Collected data

____________________

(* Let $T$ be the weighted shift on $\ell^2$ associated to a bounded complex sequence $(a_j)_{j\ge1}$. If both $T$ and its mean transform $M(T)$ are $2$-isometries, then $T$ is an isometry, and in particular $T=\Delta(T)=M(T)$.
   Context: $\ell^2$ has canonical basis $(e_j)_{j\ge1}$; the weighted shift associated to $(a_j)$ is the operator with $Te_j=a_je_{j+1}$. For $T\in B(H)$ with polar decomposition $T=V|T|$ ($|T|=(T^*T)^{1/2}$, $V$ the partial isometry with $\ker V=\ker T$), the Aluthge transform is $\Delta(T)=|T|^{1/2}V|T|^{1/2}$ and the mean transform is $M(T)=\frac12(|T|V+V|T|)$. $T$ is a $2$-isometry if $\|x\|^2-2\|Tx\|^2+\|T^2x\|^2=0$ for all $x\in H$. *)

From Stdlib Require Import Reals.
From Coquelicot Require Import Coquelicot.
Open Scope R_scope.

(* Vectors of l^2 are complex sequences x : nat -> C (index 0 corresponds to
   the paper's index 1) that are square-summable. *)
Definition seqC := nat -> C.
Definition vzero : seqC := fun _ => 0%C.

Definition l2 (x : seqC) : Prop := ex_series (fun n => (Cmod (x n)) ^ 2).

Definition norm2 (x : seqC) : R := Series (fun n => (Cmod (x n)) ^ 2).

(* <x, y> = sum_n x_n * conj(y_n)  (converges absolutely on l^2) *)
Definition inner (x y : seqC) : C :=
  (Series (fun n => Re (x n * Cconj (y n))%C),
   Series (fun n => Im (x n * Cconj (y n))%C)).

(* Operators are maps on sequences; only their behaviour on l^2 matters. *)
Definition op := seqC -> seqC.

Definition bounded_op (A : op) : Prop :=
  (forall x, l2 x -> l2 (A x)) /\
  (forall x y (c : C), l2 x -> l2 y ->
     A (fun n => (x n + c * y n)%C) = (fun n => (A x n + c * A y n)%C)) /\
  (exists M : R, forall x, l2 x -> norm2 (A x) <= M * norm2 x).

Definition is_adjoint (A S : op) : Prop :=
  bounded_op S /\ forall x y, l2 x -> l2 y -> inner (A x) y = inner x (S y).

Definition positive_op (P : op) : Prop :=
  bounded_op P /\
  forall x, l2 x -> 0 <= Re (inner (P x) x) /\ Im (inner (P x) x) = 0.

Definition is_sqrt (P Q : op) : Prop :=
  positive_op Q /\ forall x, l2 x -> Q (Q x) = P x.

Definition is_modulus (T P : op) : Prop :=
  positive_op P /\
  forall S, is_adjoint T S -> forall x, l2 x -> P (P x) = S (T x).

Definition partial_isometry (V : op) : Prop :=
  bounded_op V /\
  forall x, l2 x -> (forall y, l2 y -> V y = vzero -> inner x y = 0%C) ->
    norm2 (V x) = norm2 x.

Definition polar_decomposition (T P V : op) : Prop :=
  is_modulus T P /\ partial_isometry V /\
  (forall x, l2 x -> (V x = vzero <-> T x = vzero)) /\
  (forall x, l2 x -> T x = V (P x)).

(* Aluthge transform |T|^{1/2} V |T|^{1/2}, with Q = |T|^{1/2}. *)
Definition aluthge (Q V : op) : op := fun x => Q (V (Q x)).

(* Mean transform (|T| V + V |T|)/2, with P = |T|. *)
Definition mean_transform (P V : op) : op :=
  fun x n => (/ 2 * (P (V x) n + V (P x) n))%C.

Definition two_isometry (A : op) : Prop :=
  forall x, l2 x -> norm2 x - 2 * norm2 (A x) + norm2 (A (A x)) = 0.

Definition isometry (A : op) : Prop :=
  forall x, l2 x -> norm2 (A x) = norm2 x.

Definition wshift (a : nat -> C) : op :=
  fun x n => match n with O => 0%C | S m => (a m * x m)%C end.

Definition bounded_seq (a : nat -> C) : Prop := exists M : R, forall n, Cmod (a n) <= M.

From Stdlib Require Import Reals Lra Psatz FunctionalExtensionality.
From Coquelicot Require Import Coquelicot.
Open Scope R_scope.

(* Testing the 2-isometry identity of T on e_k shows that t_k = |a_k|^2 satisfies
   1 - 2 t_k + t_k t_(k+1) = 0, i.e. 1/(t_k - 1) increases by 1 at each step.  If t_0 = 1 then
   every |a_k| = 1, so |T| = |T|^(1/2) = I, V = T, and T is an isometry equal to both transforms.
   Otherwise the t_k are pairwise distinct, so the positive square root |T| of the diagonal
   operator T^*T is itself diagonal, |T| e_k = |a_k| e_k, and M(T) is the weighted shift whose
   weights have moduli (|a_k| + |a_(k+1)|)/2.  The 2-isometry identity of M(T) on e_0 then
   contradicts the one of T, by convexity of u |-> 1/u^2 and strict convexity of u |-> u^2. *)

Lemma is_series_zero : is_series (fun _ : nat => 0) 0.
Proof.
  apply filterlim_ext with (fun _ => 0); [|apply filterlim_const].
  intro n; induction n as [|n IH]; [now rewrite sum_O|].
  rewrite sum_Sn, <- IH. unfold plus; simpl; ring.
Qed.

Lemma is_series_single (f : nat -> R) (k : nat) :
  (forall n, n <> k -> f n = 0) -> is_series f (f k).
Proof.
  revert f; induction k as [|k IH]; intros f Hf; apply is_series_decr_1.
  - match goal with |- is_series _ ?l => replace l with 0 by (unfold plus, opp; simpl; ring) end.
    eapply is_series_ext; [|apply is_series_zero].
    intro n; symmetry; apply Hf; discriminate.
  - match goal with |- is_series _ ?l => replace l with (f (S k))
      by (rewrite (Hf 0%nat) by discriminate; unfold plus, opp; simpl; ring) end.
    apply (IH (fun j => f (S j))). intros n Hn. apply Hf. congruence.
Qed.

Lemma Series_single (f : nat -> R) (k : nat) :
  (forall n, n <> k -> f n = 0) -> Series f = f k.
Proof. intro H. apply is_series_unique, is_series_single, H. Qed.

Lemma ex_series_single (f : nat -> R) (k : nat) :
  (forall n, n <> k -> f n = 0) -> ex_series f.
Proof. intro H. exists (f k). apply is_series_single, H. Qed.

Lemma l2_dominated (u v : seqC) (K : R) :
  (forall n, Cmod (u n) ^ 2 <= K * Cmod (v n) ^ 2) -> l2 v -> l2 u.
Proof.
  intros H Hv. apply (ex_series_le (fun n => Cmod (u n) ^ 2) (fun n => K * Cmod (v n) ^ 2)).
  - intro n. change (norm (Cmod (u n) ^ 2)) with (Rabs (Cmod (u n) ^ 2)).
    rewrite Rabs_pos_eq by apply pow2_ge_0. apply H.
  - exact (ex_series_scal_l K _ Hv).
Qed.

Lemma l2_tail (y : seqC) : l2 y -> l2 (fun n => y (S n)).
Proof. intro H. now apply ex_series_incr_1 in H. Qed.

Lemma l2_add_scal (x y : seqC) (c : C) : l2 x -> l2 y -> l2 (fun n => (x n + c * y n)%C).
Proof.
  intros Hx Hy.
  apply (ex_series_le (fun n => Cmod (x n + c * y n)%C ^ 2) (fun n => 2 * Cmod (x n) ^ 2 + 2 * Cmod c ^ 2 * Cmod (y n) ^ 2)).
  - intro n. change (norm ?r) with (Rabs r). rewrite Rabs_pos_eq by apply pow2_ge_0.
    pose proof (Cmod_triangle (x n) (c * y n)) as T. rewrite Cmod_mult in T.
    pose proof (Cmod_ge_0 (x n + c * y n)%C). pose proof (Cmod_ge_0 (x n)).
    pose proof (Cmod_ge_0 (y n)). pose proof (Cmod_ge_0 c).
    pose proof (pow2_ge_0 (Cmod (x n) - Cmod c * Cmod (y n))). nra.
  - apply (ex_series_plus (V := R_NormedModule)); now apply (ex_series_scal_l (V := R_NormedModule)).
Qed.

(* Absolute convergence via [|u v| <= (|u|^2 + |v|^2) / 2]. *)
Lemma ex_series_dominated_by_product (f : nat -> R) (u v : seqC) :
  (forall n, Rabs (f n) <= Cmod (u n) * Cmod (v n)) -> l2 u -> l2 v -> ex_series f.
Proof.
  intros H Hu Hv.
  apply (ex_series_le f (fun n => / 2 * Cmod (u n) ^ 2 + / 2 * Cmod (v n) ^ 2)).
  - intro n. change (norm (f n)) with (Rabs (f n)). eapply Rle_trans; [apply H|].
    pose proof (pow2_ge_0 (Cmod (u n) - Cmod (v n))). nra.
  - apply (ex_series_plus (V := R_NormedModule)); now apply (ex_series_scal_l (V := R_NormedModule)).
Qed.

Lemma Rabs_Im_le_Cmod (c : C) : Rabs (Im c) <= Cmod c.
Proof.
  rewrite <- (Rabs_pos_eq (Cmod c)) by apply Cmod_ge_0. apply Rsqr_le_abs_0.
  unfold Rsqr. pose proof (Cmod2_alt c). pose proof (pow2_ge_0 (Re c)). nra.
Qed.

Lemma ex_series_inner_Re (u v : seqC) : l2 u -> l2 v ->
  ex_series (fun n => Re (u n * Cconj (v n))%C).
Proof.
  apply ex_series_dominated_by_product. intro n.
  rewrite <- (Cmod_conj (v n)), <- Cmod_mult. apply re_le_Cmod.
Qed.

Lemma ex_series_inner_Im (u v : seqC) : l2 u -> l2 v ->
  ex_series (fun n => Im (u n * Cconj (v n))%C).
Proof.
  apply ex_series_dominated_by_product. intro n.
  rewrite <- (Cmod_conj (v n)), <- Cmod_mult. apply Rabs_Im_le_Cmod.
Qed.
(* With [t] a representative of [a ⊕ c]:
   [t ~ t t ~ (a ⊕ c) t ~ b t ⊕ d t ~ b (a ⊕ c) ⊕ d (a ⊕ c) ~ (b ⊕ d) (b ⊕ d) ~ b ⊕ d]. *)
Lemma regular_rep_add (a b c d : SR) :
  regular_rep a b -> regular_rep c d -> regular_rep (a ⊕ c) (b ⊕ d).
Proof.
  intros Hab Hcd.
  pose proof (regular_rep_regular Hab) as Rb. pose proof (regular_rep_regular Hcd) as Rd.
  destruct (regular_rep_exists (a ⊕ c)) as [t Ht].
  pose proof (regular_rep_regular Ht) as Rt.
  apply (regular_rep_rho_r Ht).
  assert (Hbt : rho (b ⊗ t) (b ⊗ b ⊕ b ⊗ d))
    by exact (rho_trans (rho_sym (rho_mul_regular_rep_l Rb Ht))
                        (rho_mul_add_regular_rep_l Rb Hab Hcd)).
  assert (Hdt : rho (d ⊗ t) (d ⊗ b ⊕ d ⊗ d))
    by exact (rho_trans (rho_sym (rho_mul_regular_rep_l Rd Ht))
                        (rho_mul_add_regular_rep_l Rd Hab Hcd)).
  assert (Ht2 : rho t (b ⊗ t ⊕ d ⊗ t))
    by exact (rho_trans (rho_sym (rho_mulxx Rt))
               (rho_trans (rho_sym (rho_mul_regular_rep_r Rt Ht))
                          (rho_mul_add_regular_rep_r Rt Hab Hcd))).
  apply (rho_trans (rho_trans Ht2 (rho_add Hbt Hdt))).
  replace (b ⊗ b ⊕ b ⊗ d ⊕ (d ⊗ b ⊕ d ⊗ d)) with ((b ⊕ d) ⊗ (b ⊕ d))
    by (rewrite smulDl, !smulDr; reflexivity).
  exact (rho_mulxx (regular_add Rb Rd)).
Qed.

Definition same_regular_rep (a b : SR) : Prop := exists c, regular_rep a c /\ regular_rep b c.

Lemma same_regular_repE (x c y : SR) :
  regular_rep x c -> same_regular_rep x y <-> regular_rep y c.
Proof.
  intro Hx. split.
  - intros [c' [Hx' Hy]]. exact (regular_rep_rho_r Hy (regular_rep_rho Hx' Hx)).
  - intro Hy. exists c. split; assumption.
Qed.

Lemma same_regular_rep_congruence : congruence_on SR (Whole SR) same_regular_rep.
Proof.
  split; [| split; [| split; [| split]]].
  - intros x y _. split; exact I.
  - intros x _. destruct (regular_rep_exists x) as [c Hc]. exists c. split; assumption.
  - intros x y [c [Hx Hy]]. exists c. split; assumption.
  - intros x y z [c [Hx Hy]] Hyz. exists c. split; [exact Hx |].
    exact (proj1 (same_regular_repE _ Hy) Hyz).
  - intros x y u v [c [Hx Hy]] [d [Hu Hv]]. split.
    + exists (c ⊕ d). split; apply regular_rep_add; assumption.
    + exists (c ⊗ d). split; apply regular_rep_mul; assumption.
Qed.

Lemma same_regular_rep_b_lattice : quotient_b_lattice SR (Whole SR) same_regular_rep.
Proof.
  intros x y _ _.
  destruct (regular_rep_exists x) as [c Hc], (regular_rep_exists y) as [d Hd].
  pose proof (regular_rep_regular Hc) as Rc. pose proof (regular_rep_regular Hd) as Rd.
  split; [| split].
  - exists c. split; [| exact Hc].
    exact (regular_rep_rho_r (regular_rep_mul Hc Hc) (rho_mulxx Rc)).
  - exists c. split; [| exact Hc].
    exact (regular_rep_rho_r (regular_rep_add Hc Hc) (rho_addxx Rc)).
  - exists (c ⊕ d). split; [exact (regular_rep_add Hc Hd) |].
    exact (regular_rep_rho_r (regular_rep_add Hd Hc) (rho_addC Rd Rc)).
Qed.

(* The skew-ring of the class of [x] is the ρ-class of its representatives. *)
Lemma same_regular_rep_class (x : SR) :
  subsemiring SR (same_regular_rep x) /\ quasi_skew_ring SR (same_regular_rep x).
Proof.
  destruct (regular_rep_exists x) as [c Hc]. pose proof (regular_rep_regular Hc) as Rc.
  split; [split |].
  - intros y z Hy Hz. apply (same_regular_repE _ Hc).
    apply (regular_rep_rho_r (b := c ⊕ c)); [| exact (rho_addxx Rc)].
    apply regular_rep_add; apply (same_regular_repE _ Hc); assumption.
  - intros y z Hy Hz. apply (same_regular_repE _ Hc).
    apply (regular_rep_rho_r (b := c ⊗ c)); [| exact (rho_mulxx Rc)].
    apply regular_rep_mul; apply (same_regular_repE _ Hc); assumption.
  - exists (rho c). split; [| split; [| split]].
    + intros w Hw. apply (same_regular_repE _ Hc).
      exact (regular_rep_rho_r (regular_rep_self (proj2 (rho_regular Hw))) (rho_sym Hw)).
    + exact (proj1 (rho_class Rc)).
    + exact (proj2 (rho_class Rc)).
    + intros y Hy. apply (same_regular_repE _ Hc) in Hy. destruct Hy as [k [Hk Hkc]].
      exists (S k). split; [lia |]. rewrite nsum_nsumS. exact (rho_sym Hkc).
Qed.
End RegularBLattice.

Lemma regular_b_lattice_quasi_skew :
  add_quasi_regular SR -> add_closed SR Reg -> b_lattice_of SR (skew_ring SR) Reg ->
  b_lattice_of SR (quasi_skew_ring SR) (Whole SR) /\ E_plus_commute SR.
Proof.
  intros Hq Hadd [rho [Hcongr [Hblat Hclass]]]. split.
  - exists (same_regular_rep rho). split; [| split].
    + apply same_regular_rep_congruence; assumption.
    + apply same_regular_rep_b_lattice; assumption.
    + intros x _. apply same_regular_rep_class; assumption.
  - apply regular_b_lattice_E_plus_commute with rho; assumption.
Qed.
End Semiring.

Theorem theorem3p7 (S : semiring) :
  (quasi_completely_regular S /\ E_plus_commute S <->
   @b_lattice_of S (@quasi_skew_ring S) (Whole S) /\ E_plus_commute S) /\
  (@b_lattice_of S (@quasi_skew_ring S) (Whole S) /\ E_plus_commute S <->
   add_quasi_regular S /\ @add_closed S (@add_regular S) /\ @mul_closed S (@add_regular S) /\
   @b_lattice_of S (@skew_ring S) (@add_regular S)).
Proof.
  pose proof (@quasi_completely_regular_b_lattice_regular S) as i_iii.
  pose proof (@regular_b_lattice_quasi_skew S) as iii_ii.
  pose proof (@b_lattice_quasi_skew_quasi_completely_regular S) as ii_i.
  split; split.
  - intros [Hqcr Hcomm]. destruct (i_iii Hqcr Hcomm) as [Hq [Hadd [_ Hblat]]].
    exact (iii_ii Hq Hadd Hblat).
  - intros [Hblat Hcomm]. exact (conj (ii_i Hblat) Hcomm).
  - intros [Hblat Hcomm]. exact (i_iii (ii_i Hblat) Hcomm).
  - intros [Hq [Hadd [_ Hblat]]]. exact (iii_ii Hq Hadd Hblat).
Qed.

____________________

• WHAT IS REQUIRED: The stretch of entries above that starts with the line containing "Lemma is_series_single (f" and goes on through the line containing "eapply is_series_ext; [|apply" is to be transcribed exactly, and no other line is to be transcribed.

• EXPECTED ANSWER:
Lemma is_series_single (f : nat -> R) (k : nat) :
  (forall n, n <> k -> f n = 0) -> is_series f (f k).
Proof.
  revert f; induction k as [|k IH]; intros f Hf; apply is_series_decr_1.
  - match goal with |- is_series _ ?l => replace l with 0 by (unfold plus, opp; simpl; ring) end.
    eapply is_series_ext; [|apply is_series_zero].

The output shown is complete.